I’ve been extremely blessed. Throughout my whole life in general – but in particular, I’ve been feeling this strongly and constantly (24/7) recently (and have blathered on about it at length, too). I must continue to remember (something Michael Tiemann said today reminded me of this) that these things aren’t me, but rather come through me, as a stewardship I bear responsibility for. Y’know, the usual… from everyone to whom much has been given, much will be required; and from one to whom much has been entrusted, even more will be demanded. So boy, do I have lots of work to do… I hope God’s* happy with his ROI.
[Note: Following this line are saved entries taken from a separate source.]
Lemma row_stochastic1 n : row_stochastic (1%:M : 'M[R]_n).
Proof.
move=> i; split=> [k|]; first by rewrite mxE ler0n.
rewrite (bigD1 i) //= big1 ?addr0 ?mxE ?eqxx // => k hk.
by rewrite mxE eq_sym (negPf hk).
Qed.

Lemma row_stochastic_mul m n p (L : 'M[R]_(m, n)) (U : 'M[R]_(n, p)) :
  row_stochastic L -> row_stochastic U -> row_stochastic (L *m U).
Proof.
move=> hL hU i; split=> [k|].
  by rewrite mxE sumr_ge0 // => j _; rewrite mulr_ge0 ?(hL i).1 ?(hU j).1.
under eq_bigr do rewrite mxE.
rewrite exchange_big /= -(hL i).2; apply: eq_bigr => j _.
by rewrite -mulr_sumr (hU j).2 mulr1.
Qed.

Lemma row_stochastic_entry_le1 m n (U : 'M[R]_(m, n)) i k :
  row_stochastic U -> 0 <= U i k <= 1.
Proof.
case/(_ i) => U0 U1; rewrite U0 -U1 (bigD1 k) //= lerDl.
by rewrite sumr_ge0.
Qed.

Variables (m N d : nat) (X0 : 'M[R]_(N, d)) (U : 'M[R]_(m, N)).
Hypothesis U_stoch : row_stochastic U.

Lemma rownorm_stoch_mul_ge (RI : 'M[R]_(d, N)) i :
  X0 *m RI = 1%:M -> 1 <= rownorm (U *m X0) i * \sum_k \sum_l `|RI l k|.
Proof.
move=> hRI; have [U0 U1] := U_stoch i.
have -> : (1 : R) = \sum_k (U *m X0 *m RI) i k by rewrite -mulmxA hRI mulmx1.
rewrite mulr_sumr; apply: ler_sum => k _; apply: le_trans (ler_norm _) _.
rewrite mxE; apply: le_trans (ler_norm_sum _ _ _) _.
rewrite mulr_sumr; apply: ler_sum => l _.
by rewrite normrM ler_wpM2r ?normr_ge0 ?rownorm_entry.
Qed.

Lemma stoch_mul_entry_le1 :
  (forall k l, `|X0 k l| <= 1) -> forall i l, `|(U *m X0) i l| <= 1.
Proof.
move=> hX i l; have [U0 U1] := U_stoch i.
rewrite mxE -U1; apply: le_trans (ler_norm_sum _ _ _) _; apply: ler_sum => k _.
by rewrite normrM (ger0_norm (U0 k)) ler_piMr.
Qed.

Lemma rownorm_stoch_mul_le :
  (forall k l, `|X0 k l| <= 1) -> forall i, rownorm (U *m X0) i <= Num.sqrt d%:R.
Proof.
move=> hX i; rewrite ler_sqrt ?ler0n // -[X in _ <= X]mulr1; apply: sum_le_const => l.
rewrite -real_normK ?num_real // -(expr1n _ 2) ler_sqr ?nnegrE ?normr_ge0 //.
exact: stoch_mul_entry_le1.
Qed.

End RowStochastic.

Lemma layer_norm_spread (R : realType) (N d : nat) (V : 'M[R]_(N, d)) (nu D : R) :
  0 < nu -> (forall i, nu <= rownorm V i) -> (forall i j l, `|V i l - V j l| <= D) ->
  forall i j l, `|layer_norm V i l - layer_norm V j l| <= (D + d%:R * D) / nu.
Proof.
move=> nu_gt0 hnu hD; set n := rownorm V.
have n_gt0 i : 0 < n i by apply: lt_le_trans (hnu i).
have n_spread i j : `|n i - n j| <= d%:R * D.
  have hsum : 0 < n i + n j by rewrite addr_gt0.
  rewrite -(ler_pM2r hsum).
  have -> : `|n i - n j| * (n i + n j) = `|\sum_l (V i l - V j l) * (V i l + V j l)|.
    rewrite -(ger0_norm (ltW hsum)) -normrM; congr `|_|.
    have -> : (n i - n j) * (n i + n j) = n i ^+ 2 - n j ^+ 2 by ring.
    rewrite /n /rownorm !sqr_sqrtr ?sumr_ge0 // => [|k _|k _]; try exact: sqr_ge0.
    by rewrite -sumrB; apply: eq_bigr => l _; ring.
  apply: le_trans (ler_norm_sum _ _ _) _; rewrite -mulrA; apply: sum_le_const => l.
  rewrite normrM; apply: ler_pM; rewrite ?normr_ge0 //.
  by apply: le_trans (ler_normD _ _) _; apply: lerD; exact: rownorm_entry.
move=> i j l; rewrite !layer_normE -/n.
have ni := n_gt0 i; have nj := n_gt0 j.
have -> : (n i)^-1 * V i l - (n j)^-1 * V j l =
    (n i)^-1 * ((V i l - V j l) + ((n j)^-1 * V j l) * (n j - n i)).
  by field; rewrite !gt_eqF.
rewrite normrM [`|_^-1|]ger0_norm ?invr_ge0 ?(ltW ni) // mulrC.
apply: ler_pM; [exact: normr_ge0 | by rewrite invr_ge0 ltW | | by rewrite lef_pV2 ?posrE].
apply: le_trans (ler_normD _ _) _; apply: lerD; first exact: hD.
rewrite normrM -[X in _ <= X]mul1r distrC; apply: ler_pM; rewrite ?normr_ge0 //.
by rewrite normrM [`|_^-1|]ger0_norm ?invr_ge0 ?(ltW nj) // ler_pdivrMl // mulr1 rownorm_entry.
Qed.

Section Reweighting.
Variables (R : realType) (N d : nat) (A : 'M[R]_N) (V : 'M[R]_(N, d)).
Hypotheses (A_ge0 : forall i j, 0 <= A i j) (A_diag_gt0 : forall i, 0 < A i i).
Hypothesis V_gt0 : forall j, 0 < rownorm V j.

Definition reweight : 'M[R]_N :=
  \matrix_(i, j) ((A i j / rownorm V j) / \sum_k (A i k / rownorm V k)).

Lemma reweight_den_gt0 i : 0 < \sum_k (A i k / rownorm V k).
Proof.
rewrite (bigD1 i) //= ltr_pwDl ?divr_gt0 // sumr_ge0 // => k _.
by rewrite divr_ge0 // ltW.
Qed.

Lemma reweight_stochastic : row_stochastic reweight.
Proof.
move=> i; split=> [j|].
  by rewrite mxE !divr_ge0 // ltW ?reweight_den_gt0.
under eq_bigr do rewrite mxE.
by rewrite -mulr_suml mulfV // gt_eqF ?reweight_den_gt0.
Qed.

(* Attention applied to layer-normalised tokens equals attention with the
   reweighted matrix up to a positive scaling of the rows, which the next
   LayerNorm removes. *)
Lemma layer_norm_attn (O : 'M[R]_d) :
  O *m O^T = 1%:M ->
  layer_norm (A *m (layer_norm V *m O)) = layer_norm (reweight *m V) *m O.
Proof.
move=> hO; set s := \row_i (\sum_k (A i k / rownorm V k)).
rewrite mulmxA; have -> : A *m layer_norm V = diag_mx s *m (reweight *m V).
  apply/matrixP => i l; rewrite mul_diag_mx !mxE mulr_sumr.
  apply: eq_bigr => j _; rewrite layer_normE !mxE.
  have := reweight_den_gt0 i; have := V_gt0 j.
  by move=> hj hi; field; rewrite !gt_eqF.
rewrite -mulmxA layer_norm_diag_mul => [|i]; last by rewrite mxE reweight_den_gt0.
exact: layer_norm_mul_orth.
Qed.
*this is the only word I know for this.
Tomorrow is the last day of the CommArch retreat, and then I fly back to DC (and the next morning out to Boston for the weekend – I’m finally taking a trip purely for personal reasons and hanging out with friends and family). Life is good. Life is extremely good.
I’m going to take some quiet time to rest and think and clear my brain now, and hop back onto workin’ early in the morning. There’s much to do, and I want to make sure I’m charged and rested and ready to go for it, and I know the things running around in my brain will take a while to think through and sort out. So it’s time to get my mental house in order so that I can be in PURE OUTPUT MODE!!! again tomorrow.
Thinking time!
Wednesday, October 14th, 2009 | Uncategorized | No Comments »
Oh wow. I’m actually able to sleep now after quite some time on the road and without a proper night’s rest (1.5 hours is too little even for me). Before I pass out, a few stray bits to write to disk so that I don’t forget…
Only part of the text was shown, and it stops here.